The new book by David Berlin, founding editor of The Walrus, is difficult to classify. Its subtitle suggests a treatise on the best path forward for Israel, and indeed you will find some of that here. However, Berlin also reminisces about the passing of his parents, his time in an elite reconnaissance unit (run by Ariel Sharon) of the Israel Defense Forces during the Yom Kippur War of 1973, and his experience reporting on and visiting Israel during the mid-2000s.

Despite all the ground covered, the book never quite coalesces in a satisfying way. Instead of building toward the conclusion – in which Berlin argues passionately and convincingly for an Israel that is simultaneously Zionist and secular – the book’s meandering approach detracts from the most compelling material covering the summer of 2005, when the IDF dismantled Israeli settlements in the West Bank, and the 2006 war with Hezbollah and Lebanon.

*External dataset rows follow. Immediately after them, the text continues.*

(* Let $n\ge 2$ and let $P=[p_1,\ldots,p_n]$ be an arithmetically progressed permutation with ratio $k$ such that $p_1\notin\{1,k+1,n\}$. Then the associated ternary string $\mathsf{T}_P$ is the unique string of length $n$ over $\{\mathtt{a},\mathtt{b},\mathtt{c}\}$ whose suffix array is $P$.
   Context: Alphabet $\{\mathtt{a}<\mathtt{b}<\mathtt{c}\}$, lexicographic order with a proper prefix smaller than the longer string; suffix array $\mathsf{SA}_{\mathsf{T}}$: permutation of $[1..n]$ such that $\mathsf{T}[\mathsf{SA}_{\mathsf{T}}[i]..n]$ is the $i$-th smallest suffix. $x\bmod n$ denotes the representative of $x$ modulo $n$ in $[1..n]$. An arithmetically progressed permutation of length $n$ with ratio $k\in[1..n-1]$ is a permutation $P=[p_1,\ldots,p_n]$ of $[1..n]$ with $p_{i+1}=p_i+k\bmod n$. Ternary string associated with $P$: cut $P$ immediately after the entry $n-k$ and immediately after the entry $(p_1-k-1)\bmod n$, giving consecutive possibly empty blocks $A,B,C$ with $P=ABC$; set $\mathsf{T}_P[p_i]=\mathtt{a},\mathtt{b},\mathtt{c}$ according as $p_i$ lies in $A$, $B$, $C$. *)

From mathcomp Require Import all_boot.
Set Implicit Arguments. Unset Strict Implicit. Unset Printing Implicit Defensive.

(* Letters a < b < c, encoded as 'I_3 = {0,1,2} with the natural order. *)
Definition la : 'I_3 := @Ordinal 3 0 isT.
Definition lb : 'I_3 := @Ordinal 3 1 isT.
Definition lc : 'I_3 := @Ordinal 3 2 isT.

Definition mod1 (n x : nat) : nat := if x %% n == 0 then n else x %% n.

Fixpoint lex_lt (s t : seq 'I_3) : bool :=
  match s, t with
  | [::], [::] => false
  | [::], _ :: _ => true
  | _ :: _, [::] => false
  | x :: s', y :: t' => (x < y) || ((x == y) && lex_lt s' t')
  end.

(* T[i..n] for a 1-based position i *)
Definition suff_at (T : seq 'I_3) (i : nat) : seq 'I_3 := drop i.-1 T.

Definition is_suffix_array (T : seq 'I_3) (P : seq nat) : Prop :=
  perm_eq P (iota 1 (size T)) /\
  sorted (fun i j => lex_lt (suff_at T i) (suff_at T j)) P.

(* Arithmetically progressed permutation of length n with ratio k
   (p_{i+1} = p_i + k mod n, indices 0-based here). *)
Definition is_APP (n k : nat) (P : seq nat) : Prop :=
  [/\ perm_eq P (iota 1 n), 1 <= k <= n.-1 &
      forall i, i.+1 < n -> nth 0 P i.+1 = mod1 n (nth 0 P i + k)].

(* The ternary string associated with P: cut P immediately after the entry
   n-k and immediately after the entry (p_1 - k - 1) mod n (computed as
   (p_1 + n - k - 1) mod n), giving P = A B C. *)
Definition ternary_of (n k : nat) (P : seq nat) : seq 'I_3 :=
  let i1 := index (n - k) P in
  let i2 := index (mod1 n (head 0 P + n - k.+1)) P in
  let c1 := (minn i1 i2).+1 in
  let c2 := (maxn i1 i2).+1 in
  let A := take c1 P in
  let B := drop c1 (take c2 P) in
  mkseq (fun j => if j.+1 \in A then la else if j.+1 \in B then lb else lc) n.

From mathcomp Require Import all_boot.
From mathcomp Require Import zify.

Set Implicit Arguments.
Unset Strict Implicit.
Unset Printing Implicit Defensive.

(* Along P the letter
   of T_P at position p_j is  [c1 < j] + [c2 < j],  where c1, c2 are the
   (sorted) indices of the two cut entries n-k and q = (h-k-1) mod n.

   A general criterion: P is the suffix array of T as soon as
   for every two consecutive entries a = p_j, b = p_(j+1) either T[a] < T[b],
   or T[a] = T[b] and either a = |T| or a+1, b+1 are again consecutive in P
   (induction on |T| - a).  For an APP this holds away from the cuts since
   a+1 is followed by b+1 = (a+1) + k mod n in P.

   If S has suffix array P, its letters are nondecreasing along
   P; they must strictly increase at the cut n-k (followed by n, whose suffix
   of length 1 cannot be beaten) and at the cut q (followed by h-1, where
   equality would compare the suffixes of p_n = q+1 and p_1 = h the wrong
   way).  With three letters, two distinct strict increases force the
   letters along P, hence S = T_P.  The hypothesis h <> 1, k+1, n makes the
   two cuts distinct and not at the end of P. *)

Lemma lex_cons (x : 'I_3) s t : lex_lt (x :: s) (x :: t) = lex_lt s t.
Proof. by rewrite /= ltnn eqxx. Qed.

Lemma lex_lt_head (x y : 'I_3) s t : x < y -> lex_lt (x :: s) (y :: t).
Proof. by move=> xy; rewrite /= xy. Qed.

Lemma lex_head_le (x y : 'I_3) s t : lex_lt (x :: s) (y :: t) -> x <= y.
Proof. by case/orP=> [/ltnW //|/andP[/eqP-> _]]. Qed.

Lemma lex_nil_r s : lex_lt s [::] = false.
Proof. by case: s. Qed.

Lemma lex_nil_l t : lex_lt [::] t = (t != [::]).
Proof. by case: t. Qed.

Lemma lex_trans : transitive lex_lt.
Proof.
move=> t s; elim: s t => [|x s IH] [|y t] [|z u] //=.
case/orP=> [xy|/andP[/eqP-> st]]; case/orP=> [yz|/andP[/eqP<- tu]].
- by rewrite (ltn_trans xy yz).
- by rewrite xy.
- by rewrite yz.
- by rewrite eqxx (IH _ _ st tu) orbT.
Qed.

Lemma lex_irr s : lex_lt s s = false.
Proof. by elim: s => //= x s ->; rewrite ltnn eqxx. Qed.

Lemma lex_asym s t : lex_lt s t -> lex_lt t s = false.
Proof. by move=> st; apply/negbTE/negP=> ts; have := lex_trans st ts; rewrite lex_irr. Qed.

Definition letter (T : seq 'I_3) (x : nat) : 'I_3 := nth la T x.-1.

Definition suffix_lt (T : seq 'I_3) (i j : nat) : bool :=
  lex_lt (suff_at T i) (suff_at T j).

Lemma suff_cons T x : 1 <= x <= size T -> suff_at T x = letter T x :: suff_at T x.+1.
Proof. by move=> /andP[x1 xT]; rewrite /suff_at (drop_nth la) ?prednK //; lia. Qed.

Lemma suff_past_end T : suff_at T (size T).+1 = [::].
Proof. exact: drop_size. Qed.

Lemma suffix_lt_trans T : transitive (suffix_lt T).
Proof. by move=> y x z; apply: lex_trans. Qed.

Section PermutationsOfRange.

Variables (N : nat) (P : seq nat).
Hypothesis P_perm : perm_eq P (iota 1 N).

Lemma perm_size_eq : size P = N.
Proof. by rewrite (perm_size P_perm) size_iota. Qed.

Lemma perm_entry j : j < N -> 1 <= nth 0 P j <= N.
Proof.
move=> jN; have : nth 0 P j \in P by rewrite mem_nth ?perm_size_eq.
by rewrite (perm_mem P_perm) mem_iota; lia.
Qed.

Lemma perm_index x : 1 <= x <= N -> index x P < N /\ nth 0 P (index x P) = x.
Proof.
move=> xN; have xP : x \in P by rewrite (perm_mem P_perm) mem_iota; lia.
by rewrite -perm_size_eq index_mem nth_index.
Qed.

Lemma perm_index_nth j : j < N -> index (nth 0 P j) P = j.
Proof.
by move=> jN; rewrite index_uniq ?perm_size_eq ?(perm_uniq P_perm) ?iota_uniq.
Qed.

End PermutationsOfRange.

Section SuffixArrays.

Variables (T : seq 'I_3) (P : seq nat).
Hypothesis P_perm : perm_eq P (iota 1 (size T)).

Lemma eq_from_letters S :
  size S = size T -> (forall j, j < size T -> letter S (nth 0 P j) = letter T (nth 0 P j)) ->
  S = T.
Proof.
move=> szS agree; apply: (eq_from_nth (x0 := la)) => [//|i]; rewrite szS => iT.
have [jT ej] := perm_index P_perm (x := i.+1) (ltac:(lia)).
by have := agree _ jT; rewrite ej.
Qed.

Lemma sorted_of_steps :
  (forall j, j.+1 < size T ->
     let a := nth 0 P j in let b := nth 0 P j.+1 in
     letter T a < letter T b \/
     letter T a = letter T b /\
     (a = size T \/ exists2 j', j'.+1 < size T &
                                nth 0 P j' = a.+1 /\ nth 0 P j'.+1 = b.+1)) ->
  sorted (suffix_lt T) P.
Proof.
move=> step; apply/(sortedP 0) => j; rewrite (perm_size_eq P_perm) => jT.
move: {2}(size T - nth 0 P j).+1 (ltnSn (size T - nth 0 P j)) => m.
elim: m j jT => [//|m IH] j jT bound.
have aT := perm_entry P_perm (ltnW jT); have bT := perm_entry P_perm jT.
rewrite /suffix_lt (suff_cons aT) (suff_cons bT).
case: (step j jT) => [lt|[eqab [atop|[j' j'T [ea eb]]]]]; first exact: lex_lt_head.
- have ab : nth 0 P j != nth 0 P j.+1.
    by rewrite nth_uniq ?(perm_size_eq P_perm) ?(perm_uniq P_perm) ?iota_uniq //; lia.
  rewrite eqab lex_cons atop suff_past_end lex_nil_l /suff_at.
  by rewrite -(size_eq0 (drop _ _)) size_drop /=; lia.
- have := perm_entry P_perm (ltnW j'T); rewrite ea => a'T.
  by rewrite eqab lex_cons -ea -eb; apply: IH; lia.
Qed.

Hypothesis P_sorted : sorted (suffix_lt T) P.

Lemma sorted_suffix_lt i j : i < j -> j < size T ->
  suffix_lt T (nth 0 P i) (nth 0 P j).
Proof.
move=> ij jT; apply: (sorted_ltn_nth (@suffix_lt_trans T)) => //;
by rewrite inE (perm_size_eq P_perm); lia.
Qed.
Lemma pi_not_asc_desc_HNN (P : Group) (t a b : P) (phi : Hom P Zgroup) :
  is_pi_presentation P t a b -> phi t = 1%Z -> phi a = 0%Z -> phi b = 0%Z ->
  ~ asc_or_desc_HNN_compatible P phi.
Proof.
  intros HP Ht Ha Hb [B [Ap [Am [s [HNN [Bfg [[Hasc | Hdesc] [Hs HB]]]]]]]];
  assert (HNN' := HNN); destruct HNN' as [_ [_ [_ [ApB [AmB [Hconj _]]]]]].
  - assert (Hrel : pi_relations ((0, 1%Z) : Aff2) (0, 0%Z) (1, 0%Z))
      by (split; simpl; unfold aff_mul, aff_inv; simpl; f_equal; field).
    destruct (pi_affine_rep P t a b phi 1 _ _ _ HP Hrel) as [psi [_ [_ [Pb [Hdy Hdeg]]]]];
      try apply dyadic_IZR; try (cbn [snd]; rewrite ?Ht, ?Ha, ?Hb; reflexivity).
    apply (affine_rep_obstructs_HNN P B Ap Am s s b psi HNN Bfg Hdy).
    + intros x Bx. rewrite Hdeg, HB by exact Bx. reflexivity.
    + intros x Bx. apply AmB, Hconj. exists x. split; [apply Hasc, Bx | reflexivity].
    + rewrite Hdeg, Hs. reflexivity.
    + rewrite Hdeg, Hs. discriminate.
    + exact Pb.
  - assert (Hrel : pi_relations ((0, (-1)%Z) : Aff2) (1, 0%Z) (0, 0%Z))
      by (split; simpl; unfold aff_mul, aff_inv; simpl; f_equal; field).
    destruct (pi_affine_rep P t a b phi (-1) _ _ _ HP Hrel) as [psi [_ [Pa [_ [Hdy Hdeg]]]]];
      try apply dyadic_IZR; try (cbn [snd]; rewrite ?Ht, ?Ha, ?Hb; reflexivity).
    apply (affine_rep_obstructs_HNN P B Ap Am s (ginv s) a psi HNN Bfg Hdy).
    + intros x Bx. rewrite Hdeg, HB by exact Bx. reflexivity.
    + intros x Bx. apply Hdesc, Hconj in Bx. destruct Bx as [y [Apy ->]].
      change (B (conj (ginv s) (conj s y))). rewrite conjVK. apply ApB, Apy.
    + rewrite Hdeg, hom_inv, Hs. reflexivity.
    + rewrite Hdeg, Hs. discriminate.
    + exact Pa.
Qed.

Theorem proposition4p2 (P : Group) (t a b : P) (phi : Hom P Zgroup) :
  is_pi_presentation P t a b ->
  phi t = 1%Z -> phi a = 0%Z -> phi b = 0%Z ->
  rank_gradient_is phi 0%R /\ ~ asc_or_desc_HNN_compatible P phi.
Proof.
  intros HP Ht Ha Hb. split.
  - apply (pi_rank_gradient_zero P t a b); assumption.
  - apply (pi_not_asc_desc_HNN P t a b); assumption.
Qed.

From the perspective of Berlin, who was born in Israel, grew up in Toronto, and returned to the land of his birth in his teens, there is an inextricable link between Israel’s current circumstances and the “first-generation of Sabras” (people born in Israel or pre-independence Palestine), of which his parents are members. (One of the pivotal moments in Berlin’s narrative comes when he reads a letter his father had written shortly before he died, asking Berlin to look after his country.) Unfortunately, Berlin fails to fully explain the sway this group of Israelis still have over their country and even swaths of the diaspora.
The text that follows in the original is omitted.